Adanato/qwen25_3b_qwen25_qwen3_rank_only-qwen25_qwen3_rank_only_cluster_2 is a 3.1 billion parameter language model fine-tuned from Qwen/Qwen2.5-3B. This model is specifically fine-tuned on the 'qwen25_qwen3_rank_only_cluster_2' dataset, indicating a specialization in ranking tasks or specific data clusters. With a context length of 32768 tokens, it is designed for applications requiring processing of moderately long sequences, particularly within its fine-tuned domain.
Loading preview...
Model Overview
This model, Adanato/qwen25_3b_qwen25_qwen3_rank_only-qwen25_qwen3_rank_only_cluster_2, is a fine-tuned variant of the Qwen/Qwen2.5-3B base model. It features 3.1 billion parameters and supports a context length of 32768 tokens.
Key Characteristics
- Base Model: Qwen/Qwen2.5-3B, a causal language model developed by Qwen.
- Fine-tuning Dataset: Specifically trained on the
qwen25_qwen3_rank_only_cluster_2dataset, suggesting an optimization for tasks related to ranking or specific data clustering within the Qwen 2.5 and Qwen 3 ecosystems.
Training Details
The model was trained with a learning rate of 1e-05, a batch size of 4 (total 128 with gradient accumulation), and utilized the AdamW_Torch_Fused optimizer.

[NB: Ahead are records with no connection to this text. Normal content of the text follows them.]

Lemma proj_outside L ts i :
  Forall (fun e => In (tx e) ts) L -> ~ In i ts -> proj L i = [].
Proof.
  intros HL Hi. destruct (proj L i) as [|e l] eqn:Hp; [reflexivity|].
  assert (He : In e (proj L i)) by (rewrite Hp; left; reflexivity).
  apply In_proj in He as [He <-]. rewrite Forall_forall in HL.
  now exfalso; apply Hi, HL.
Qed.

Lemma proj_flat_map_blocks (f : nat -> history) ts i :
  NoDup ts -> (forall j, Forall (fun e => tx e = j) (f j)) ->
  proj (flat_map f ts) i = if in_dec Nat.eq_dec i ts then f i else [].
Proof.
  intros Hnd Hf. induction Hnd as [|a ts Ha _ IH]; [reflexivity|].
  cbn [flat_map]. rewrite proj_app, (proj_block _ a) by apply Hf. rewrite IH.
  destruct (Nat.eqb_spec a i) as [<-|Hai].
  - destruct (in_dec Nat.eq_dec a ts); [contradiction|].
    destruct (in_dec Nat.eq_dec a (a :: ts)) as [_|Hn].
    + apply app_nil_r.
    + now exfalso; apply Hn; left.
  - destruct (in_dec Nat.eq_dec i ts) as [Hi|Hi],
      (in_dec Nat.eq_dec i (a :: ts)) as [Hi'|Hi']; try reflexivity.
    + now exfalso; apply Hi'; right.
    + now destruct Hi' as [Hia|Hia]; [contradiction|].
Qed.

Lemma In_firstn {A} k l (a : A) : In a (firstn k l) -> In a l.
Proof. intros Ha. rewrite <- (firstn_skipn k l). apply in_or_app. now left. Qed.

Lemma Forall_firstn {A} (Q : A -> Prop) k l : Forall Q l -> Forall Q (firstn k l).
Proof.
  intros Hl. rewrite <- (firstn_skipn k l) in Hl. now apply Forall_app in Hl.
Qed.

(** * Completing by aborting every transaction *)

Definition terminating (e : event) : bool :=
  match e with
  | Inv _ OTryC | Inv _ OTryA | Res _ RC | Res _ RA => true
  | _ => false
  end.

Definition nonterminating (L : history) : Prop :=
  forall e, In e L -> terminating e = false.
Lemma Csum_Eij_column (j : nat) :
  Csum N (fun k => Eij d1 d2 d3 d4 (u k) (ut j)) =
  mkC (INR N * Cconst d1 d2 d3 d4) (2 * PI * beta * dev N nt j).
Proof.
  rewrite (Csum_ext N _ (fun k => mkC (Cconst d1 d2 d3 d4)
      (2 * PI * (beta / INR N) * dev N nt j + 2 * PI * (beta / INR N) * dev N n k)))
    by (intros; unfold u, ut, uconf, utconf; rewrite Eij_imag by auto;
        f_equal; unfold dev; ring).
  apply Cx_ext; rewrite ?Csum_Re, ?Csum_Im; simpl.
  - apply Rsum_const.
  - rewrite Rsum_add_dev by exact HN. field; auto.
Qed.

Lemma bethe_equation_u (i : nat) :
  Cadd (Cadd (Cmul (Cmul (RtoC (- (2 * PI))) Ci) (RtoC (IZR (n i))))
             (Cmul Ci (vconf N beta d1 d2 d3 d4 n)))
       (Cmul (RtoC (/ beta)) (Csum N (fun k => Eij d1 d2 d3 d4 (u i) (ut k)))) = C0.
Proof.
  rewrite Csum_Eij_row. unfold vconf, dev.
  apply Cx_ext; simpl; field; auto.
Qed.

Lemma bethe_equation_ut (j : nat) :
  Cadd (Csub (Cmul (Cmul (RtoC (- (2 * PI))) Ci) (RtoC (IZR (nt j))))
             (Cmul Ci (vtconf N beta d1 d2 d3 d4 nt)))
       (Cmul (RtoC (/ beta)) (Csum N (fun k => Eij d1 d2 d3 d4 (u k) (ut j)))) = C0.
Proof.
  rewrite Csum_Eij_column. unfold vtconf, dev.
  apply Cx_ext; simpl; field; auto.
Qed.

Lemma Csum_flux :
  Csum N (fun i => Csub (Cmul (RtoC (IZR (n i))) (u i)) (Cmul (RtoC (IZR (nt i))) (ut i))) =
  mkC 0 (- (beta / INR N) * Rsum N (fun i => IZR (n i) * dev N n i + IZR (nt i) * dev N nt i)).
Proof.
  apply Cx_ext; rewrite ?Csum_Re, ?Csum_Im; simpl.
  - rewrite (Rsum_ext N _ (fun _ => 0)) by (intros; ring). rewrite Rsum_const; ring.
  - rewrite <- Rsum_mull; apply Rsum_ext; intros; unfold dev; ring.
Qed.

Lemma Csum_multiplier (v vt : Cx) :
  Csum N (fun i => Cadd (Cmul v (u i)) (Cmul vt (ut i))) = C0.
Proof.
  rewrite Csum_add, !Csum_mull, Csum_uconf, Csum_utconf.
  apply Cx_ext; simpl; ring.
Qed.

Lemma Csum_Wij :
  Csum N (fun i => Csum N (fun j => Wij d1 d2 d3 d4 (u i) (ut j))) =
  mkC (INR N ^ 2 * (Fpos d1 + Fpos d2 + Fpos d3 + Fpos d4)
       + beta ^ 2 / INR N ^ 2 *
         Rsum N (fun i => Rsum N (fun j => PI * (dev N n i + dev N nt j) ^ 2))) 0.
Proof.
  set (c := - (beta / INR N) * Cconst d1 d2 d3 d4).
  rewrite (Csum_ext N _ (fun i => Csum N (fun j =>
      mkC (Fpos d1 + Fpos d2 + Fpos d3 + Fpos d4
           + beta ^ 2 / INR N ^ 2 * (PI * (dev N n i + dev N nt j) ^ 2))
          (c * dev N n i + c * dev N nt j)))).
  2: { intros i _; apply Csum_ext; intros j _.
       unfold u, ut, uconf, utconf; rewrite Wij_imag by auto.
       unfold c, dev; f_equal; field; auto. }
  apply Cx_ext; rewrite ?Csum_Re, ?Csum_Im; cbn [Re Im].
  - rewrite (Rsum_ext N _ (fun i => INR N * (Fpos d1 + Fpos d2 + Fpos d3 + Fpos d4)
        + beta ^ 2 / INR N ^ 2 * Rsum N (fun j => PI * (dev N n i + dev N nt j) ^ 2))).
    + rewrite Rsum_add, Rsum_const, Rsum_mull; ring.
    + intros i _; rewrite Csum_Re; cbn [Re Im].
      rewrite Rsum_add, Rsum_const, Rsum_mull; ring.
  - rewrite (Rsum_ext N _ (fun i => 0 + INR N * c * dev N n i)).
    + rewrite Rsum_add_dev by exact HN; ring.
    + intros i _; rewrite Csum_Im; cbn [Re Im].
      rewrite Rsum_add_dev by exact HN; ring.
Qed.

Definition bethe_correction : R :=
  - 2 * PI / INR N * Rsum N (fun i => IZR (n i) * dev N n i + IZR (nt i) * dev N nt i)
  + / INR N ^ 2 * Rsum N (fun i => Rsum N (fun j => PI * (dev N n i + dev N nt j) ^ 2)).

Lemma Bethe_conf :
  Bethe N beta d1 d2 d3 d4 n nt u ut
        (vconf N beta d1 d2 d3 d4 n) (vtconf N beta d1 d2 d3 d4 nt) =
  mkC 0 (INR N ^ 2 * (Fpos d1 + Fpos d2 + Fpos d3 + Fpos d4) / beta
         + bethe_correction * beta).
Proof.
  unfold Bethe. rewrite Csum_flux, Csum_multiplier, Csum_Wij.
  unfold bethe_correction. apply Cx_ext; simpl; field; auto.
Qed.

End Configuration.

Theorem mainTheorem7 (N : nat) (HN : (2 <= N)%nat)
  (d1 d2 d3 d4 : R)
  (h1 : 0 < d1 < 2 * PI) (h2 : 0 < d2 < 2 * PI)
  (h3 : 0 < d3 < 2 * PI) (h4 : 0 < d4 < 2 * PI)
  (hsum : d1 + d2 + d3 + d4 = 2 * PI)
  (n nt : nat -> Z) :
  (forall beta : R, 0 < beta ->
     let u := uconf N beta n in
     let ut := utconf N beta nt in
     let v := vconf N beta d1 d2 d3 d4 n in
     let vt := vtconf N beta d1 d2 d3 d4 nt in
     Csum N u = C0 /\ Csum N ut = C0 /\
     (forall i j : nat, (i < N)%nat -> (j < N)%nat ->
        Cadd (Cadd (Cmul (Cmul (RtoC (- (2 * PI))) Ci) (RtoC (IZR (n i))))
                   (Cmul Ci v))
             (Cmul (RtoC (/ beta))
                   (Csum N (fun k => Eij d1 d2 d3 d4 (u i) (ut k)))) = C0 /\
        Cadd (Csub (Cmul (Cmul (RtoC (- (2 * PI))) Ci) (RtoC (IZR (nt j))))
                   (Cmul Ci vt))
             (Cmul (RtoC (/ beta))
                   (Csum N (fun k => Eij d1 d2 d3 d4 (u k) (ut j)))) = C0)) /\
  (exists K delta : R, 0 < delta /\
     forall beta : R, 0 < beta < delta ->
       let V := Bethe N beta d1 d2 d3 d4 n nt
                  (uconf N beta n) (utconf N beta nt)
                  (vconf N beta d1 d2 d3 d4 n) (vtconf N beta d1 d2 d3 d4 nt) in
       Cmod (Csub V (Cmul (mkC 0 (INR N ^ 2 / beta))
                (Cadd (Cadd (Fpot (RtoC d1)) (Fpot (RtoC d2)))
                      (Cadd (Fpot (RtoC d3)) (Fpot (RtoC d4)))))) <= K * beta /\
       Cmod (Csub V (mkC 0 (INR N ^ 2 / (2 * beta) *
                (d1 * d2 * d3 + d1 * d2 * d4 + d1 * d3 * d4 + d2 * d3 * d4))))
         <= K * beta).
Proof.
  assert (HN0 : (0 < N)%nat) by lia.
  destruct h1, h2, h3, h4.
  split.
  - intros beta hbeta; cbv zeta.
    split; [|split]; [apply Csum_uconf | apply Csum_utconf |]; auto.
    intros i j _ _; split; [apply bethe_equation_u | apply bethe_equation_ut]; auto.
  - set (B := bethe_correction N n nt).
    exists (Rabs B), 1; split; [lra|]; intros beta [hbeta _]; cbv zeta.
    assert (err_bound : forall z, z = mkC 0 (B * beta) -> Cmod z <= Rabs B * beta).
    { intros z ->. rewrite Cmod_imag, Rabs_mult, (Rabs_right beta) by lra. lra. }
    rewrite Bethe_conf, !Fpot_RtoC_pos by auto.
    split; apply err_bound, Cx_ext; cbn [Re Im Csub Cadd Copp Cmul RtoC];
      rewrite <- ?Rplus_assoc, ?Fpos_sum by auto; unfold B; field; lra.
Qed.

Training was conducted for 1 epoch with a cosine learning rate scheduler and a warmup ratio of 0.1. The training environment included Transformers 4.57.1 and PyTorch 2.10.0+cu128.
Intended Use
While specific intended uses and limitations are not detailed in the provided information, its fine-tuning on a specialized ranking dataset implies potential suitability for applications where ranking or classification based on Qwen 2.5 and Qwen 3 data characteristics is crucial.